### Data to examine
Section NewHyperplanes.
Variables (T : finType) (n : nat) (S : nat -> {set T}) (Acal : {set n.-tuple (option T)}).
Implicit Type A : n.-tuple (option T).

Lemma newk_above m A (i : 'I_n) : newk m.+1 A -> (m < i)%N -> tnth A i = None.
Proof.
case/andP => /forallP /(_ i) + _; rewrite inE ltnS => /implyP iA mi.
by apply/eqP; apply: contraTT mi => /iA; rewrite -leqNgt.
Qed.

Lemma newk_last m A : newk m.+1 A -> nth None A m != None.
Proof.
move=> Anew; case/andP: (Anew) => _ /forallPn[i]; rewrite negb_imply inE => /andP[iA im].
have -> : m = i.
  apply/eqP; rewrite eqn_leq leqNgt im leqNgt /=.
  by apply: contraNN iA => /(newk_above Anew)->.
by rewrite -tnth_nth.
Qed.

Lemma card_inB_le x :
  (#|[set y in S (size x).+1 | inB Acal (size x).+1 (rcons x y)]| <=
   \sum_(A in Acal | newk (size x).+1 A) matches (nth None A) x)%N.
Proof.
rewrite -sum1_card big_mkcond /=.
apply: (@leq_trans (\sum_y \sum_(A in Acal | newk (size x).+1 A) inHyp A (rcons x y))).
  apply: leq_sum => y _; case: ifP => // /[!inE] /andP[_ /existsP[A /and3P[AAcal Anew Ay]]].
  by rewrite (bigD1 A) ?AAcal //= Ay.
rewrite exchange_big leq_sum // => A /andP[_ Anew].
case Az: (nth None A (size x)) (newk_last Anew) => [z|] // _.
have inHypE y : inHyp A (rcons x y) -> matches (nth None A) x && (y == z).
  by move/inHyp_matches; rewrite matches_rcons Az.
rewrite (bigD1 z) //= big1 ?addn0 => [|y yz].
  by case xz: (inHyp A (rcons x z)) => //; case/andP: (inHypE _ xz) => ->.
case xy: (inHyp A (rcons x y)) => //.
by case/andP: (inHypE _ xy) => _ /eqP yz'; rewrite yz' eqxx in yz.
Qed.

Lemma newk_FixE m A (i : 'I_n) : newk m.+1 A ->
  (i \in Fix A) = ((i < m)%N && (nth None A i != None)) || (i == m :> nat).
Proof.
move=> Anew; rewrite inE (tnth_nth None).
have [_|mi|->] /= := ltngtP i m; [by rewrite orbF | | by rewrite newk_last].
by rewrite -(tnth_nth None) (newk_above Anew mi).
Qed.

End NewHyperplanes.
(* Let P be a projection in the multiplicative domain with P v_k <> 0 and put
   w := v_k - P v_k.  Then P w = 0, so P X = 0 for the rank-one X := |w><w| and
   multiplicativity gives Phi(P) W = 0 for W := Phi(X) u_k.  If A has nonnegative
   weights a_m := <v_m, A v_m>, then <y, Phi(A) y> = sum_m a_m |<u_m, y>|^2, a
   series of nonnegative terms; for A = P the weights ||P v_m||^2 are summable
   because P is trace class, for A = X the weights |<v_m, w>|^2 by Bessel's
   inequality.  Pairing Phi(P) W = 0 with W forces <u_k, W> = 0, and pairing W
   with u_k then forces <v_k, w> = 0, whence ||w||^2 = <v_k, w> - <v_k, P w> = 0.
   So P v_k is 0 or v_k; two such projections commute on every v_k, hence
   everywhere because sum_k v_k v_k^* = I. *)

Set Implicit Arguments.
Unset Strict Implicit.
Unset Printing Implicit Defensive.

Section ComplexFacts.
Variable R : rcfType.
Implicit Types (z : R[i]) (r : R).

Lemma ge0_complexE z : 0 <= z -> z = (complex.Re z)%:C%C.
Proof. by move=> /ger0_real /RRe_real. Qed.

Lemma normc_ge0 z : 0 <= normc z.
Proof. by case: z => a b; apply: sqrtr_ge0. Qed.

Lemma normc_real r : 0 <= r -> normc r%:C%C = r.
Proof. by move=> r0; rewrite /normc /= expr0n addr0 sqrtr_sqr ger0_norm. Qed.

Lemma mulcJ_normc z : z * z^* = (normc z ^+ 2)%:C%C.
Proof. by rewrite rmorphXn; exact: (esym (sqr_normc z)). Qed.

Lemma mulJc_normc z : z^* * z = (normc z ^+ 2)%:C%C.
Proof. by rewrite mulrC mulcJ_normc. Qed.

Lemma Re_le_normc z : complex.Re z <= normc z.
Proof.
have : `|complex.Re z|%:C%C <= (normc z)%:C%C := normc_ge_Re z.
by rewrite lecR; apply: le_trans (ler_norm _).
Qed.

Lemma ReD z1 z2 : complex.Re (z1 + z2) = complex.Re z1 + complex.Re z2.
Proof. by case: z1; case: z2. Qed.
(* Write W = <A> x F (here L = F_{q^m}, A = alpha_1..alpha_l).  A codeword
   E(f) of the Koetter--Kschischang code is the graph of the q-linear map f
   over A, and a codeword V_sigma of the extension is a "block"
   <S_sigma> x 0 + 0 x U_sigma.  We therefore prove, for subspaces of a product
   uT x vT:
   - a graph over a free family has the dimension of its first projection,
     and two graphs of distinct q-polynomials of q-degree < k meet in
     dimension < k, because the first projection of the intersection is a
     subspace of roots of the nonzero difference polynomial;
   - a block meets a graph in dimension at most dim <S_sigma> = h < k, and two
     blocks with independent windows S_sigma, S_tau meet as U_sigma and U_tau
     do, hence in dimension < k by induction on the construction.
   These bounds are transported to the ambient space by the fixed map phi,
   which is injective on W. *)

From HB Require Import structures.
From mathcomp Require Import all_boot all_order all_algebra all_field zify.
Set Implicit Arguments. Unset Strict Implicit. Unset Printing Implicit Defensive.
Import GRing.Theory.
Local Open Scope ring_scope.

(* Over the finite field K with q elements, x |-> x^(q^i) is K-linear on any
   extension L; hence so is every q-polynomial (linpoly), which is the
   evaluation of the ordinary polynomial linpoly_poly of degree <= q^(k-1). *)
Section QPower.
Variables (K : finFieldType) (L : fieldExtType K).

Lemma qpowD (x y : L) i : (x + y) ^+ (#|K| ^ i) = x ^+ (#|K| ^ i) + y ^+ (#|K| ^ i).
Proof.
have [p _ pcharK] := finPcharP K; rewrite (card_pprimeChar pcharK) -expnM.
have pcharL : p \in [pchar L] by rewrite (pchar_lalg L).
elim: (_ * i)%N => [|n IHn]; first by rewrite !expr1.
by rewrite expnSr !exprM IHn -!(pFrobenius_autE pcharL) rmorphD.
Qed.

Lemma qpowZ (a : K) (x : L) i : (a *: x) ^+ (#|K| ^ i) = a *: x ^+ (#|K| ^ i).
Proof.
rewrite exprZn; congr (_ *: _).
by elim: i => [|i IH]; rewrite ?expr1 // expnSr exprM IH expf_card.
Qed.

Variables (k : nat) (c : 'I_k -> L).

Lemma linpoly_is_zmod_morphism : zmod_morphism (linpoly c).
Proof.
move=> x y; rewrite /linpoly -sumrB; apply: eq_bigr => i _.
rewrite -mulrBr; congr (_ * _).
by rewrite -[in RHS](subrK y x) (qpowD (x - y) y) addrK.
Qed.

Lemma linpoly_is_scalable : scalable (linpoly c).
Proof.
move=> a x; rewrite /linpoly scaler_sumr; apply: eq_bigr => i _.
by rewrite qpowZ scalerAr.
Qed.

HB.instance Definition _ :=
  GRing.isZmodMorphism.Build L L (linpoly c) linpoly_is_zmod_morphism.
HB.instance Definition _ :=
  GRing.isScalable.Build K L L *:%R (linpoly c) linpoly_is_scalable.

Definition linpoly_poly : {poly L} := \sum_(i < k) c i *: 'X^(#|K| ^ i).

Lemma horner_linpoly_poly x : linpoly_poly.[x] = linpoly c x.
Proof.
rewrite horner_sum; apply: eq_bigr => i _.
by rewrite hornerZ hornerXn.
Qed.

Lemma size_linpoly_poly : (size linpoly_poly <= (#|K| ^ k.-1).+1)%N.
Proof.
apply: leq_trans (size_sum _ _ _) _; apply/bigmax_leqP => i _.
apply: leq_trans (size_scale_leq _ _) _; rewrite size_polyXn ltnS.
by rewrite leq_exp2l ?finNzRing_gt1 // -ltnS prednK // (leq_trans _ (ltn_ord i)).
Qed.
End QPower.

(* A nonzero polynomial vanishing on a K-subspace Z of L has more than
   q^(dim Z) coefficients, since Z has q^(dim Z) elements. *)
Lemma roots_in_subspace (K : finFieldType) (L : fieldExtType K)
    (P : {poly L}) (Z : {vspace L}) :
  P != 0 -> {in Z, forall z, root P z} -> (#|K| ^ \dim Z < size P)%N.
Proof.
move=> nzP rootZ; set d := \dim Z; pose b := vbasis Z.
pose comb (f : {ffun 'I_d -> K}) := \sum_(i < d) f i *: b`_i.
have comb_inj : injective comb.
  move=> f1 f2 eq12; apply/ffunP => j; have freeb := basis_free (vbasisP Z).
  by rewrite -(coord_sum_free (fun i => f1 i) j freeb) -/(comb f1) eq12 coord_sum_free.
have := @max_poly_roots _ P (map comb (enum {ffun 'I_d -> K})) nzP.
rewrite size_map -cardE card_ffun card_ord; apply; last first.
  by rewrite map_inj_uniq ?enum_uniq.
apply/allP => _ /mapP [f _ ->]; apply: rootZ; apply: rpred_sum => i _.
by apply/rpredZ/vbasis_mem/mem_nth; rewrite size_tuple.
Qed.
Lemma ip0l z : ip 0 z = 0.
Proof.
have := ipDZl 1 0 0 z; rewrite scaler0 addr0 mul1r.
by move=> /(congr1 (fun t => t - ip 0 z)); rewrite subrr addrK.
Qed.

Lemma ipDl x y z : ip (x + y) z = ip x z + ip y z.
Proof. by rewrite -{1}[x]scale1r ipDZl mul1r. Qed.

Lemma ipZl a x z : ip (a *: x) z = a * ip x z.
Proof. by rewrite -[a *: x]addr0 ipDZl ip0l addr0. Qed.

Lemma ipDr x y z : ip z (x + y) = ip z x + ip z y.
Proof. by rewrite [LHS]ipC ipDl (ipC x z) (ipC y z) rmorphD. Qed.

Lemma ipZr a x z : ip z (a *: x) = conjc a * ip z x.
Proof. by rewrite [LHS]ipC ipZl (ipC x z) rmorphM. Qed.

Lemma ipNl x z : ip (- x) z = - ip x z.
Proof. by rewrite -scaleN1r ipZl mulN1r. Qed.

Lemma ipNr x z : ip z (- x) = - ip z x.
Proof. by rewrite -scaleN1r ipZr conjcN conjc1 mulN1r. Qed.

Lemma ip_comb p s q t p' s' q' t' :
  ip (p *: s + q *: t) (p' *: s' + q' *: t') =
  p * conjc p' * ip s s' + p * conjc q' * ip s t' +
  q * conjc p' * ip t s' + q * conjc q' * ip t t'.
Proof. by rewrite !ipDl !ipDr !ipZl !ipZr; ring. Qed.

Lemma hnorm_ge0 x : 0 <= hnorm ip x.
Proof. exact: sqrtr_ge0. Qed.

Lemma ip_self x : ip x x = (hnorm ip x ^+ 2)%:C.
Proof.
have x0 := ip_ge0 x.
rewrite /hnorm sqr_sqrtr; last by move: x0; rewrite lecE => /andP[].
by rewrite RRe_real // ger0_real.
Qed.

Lemma hnorm_eq0 x : hnorm ip x = 0 -> x = 0.
Proof. by move=> x0; apply: ip_eq0; rewrite ip_self x0 expr0n. Qed.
######
**Exercise:** Find "Lemma ipZl a" in the entries above and copy that whole line exactly, then each line after it through the line that contains "Lemma ipZr a".

**Answer to the exercise:**
Lemma ipZl a x z : ip (a *: x) z = a * ip x z.
Proof. by rewrite -[a *: x]addr0 ipDZl ip0l addr0. Qed.

Lemma ipDr x y z : ip z (x + y) = ip z x + ip z y.
Proof. by rewrite [LHS]ipC ipDl (ipC x z) (ipC y z) rmorphD. Qed.

Lemma ipZr a x z : ip z (a *: x) = conjc a * ip z x.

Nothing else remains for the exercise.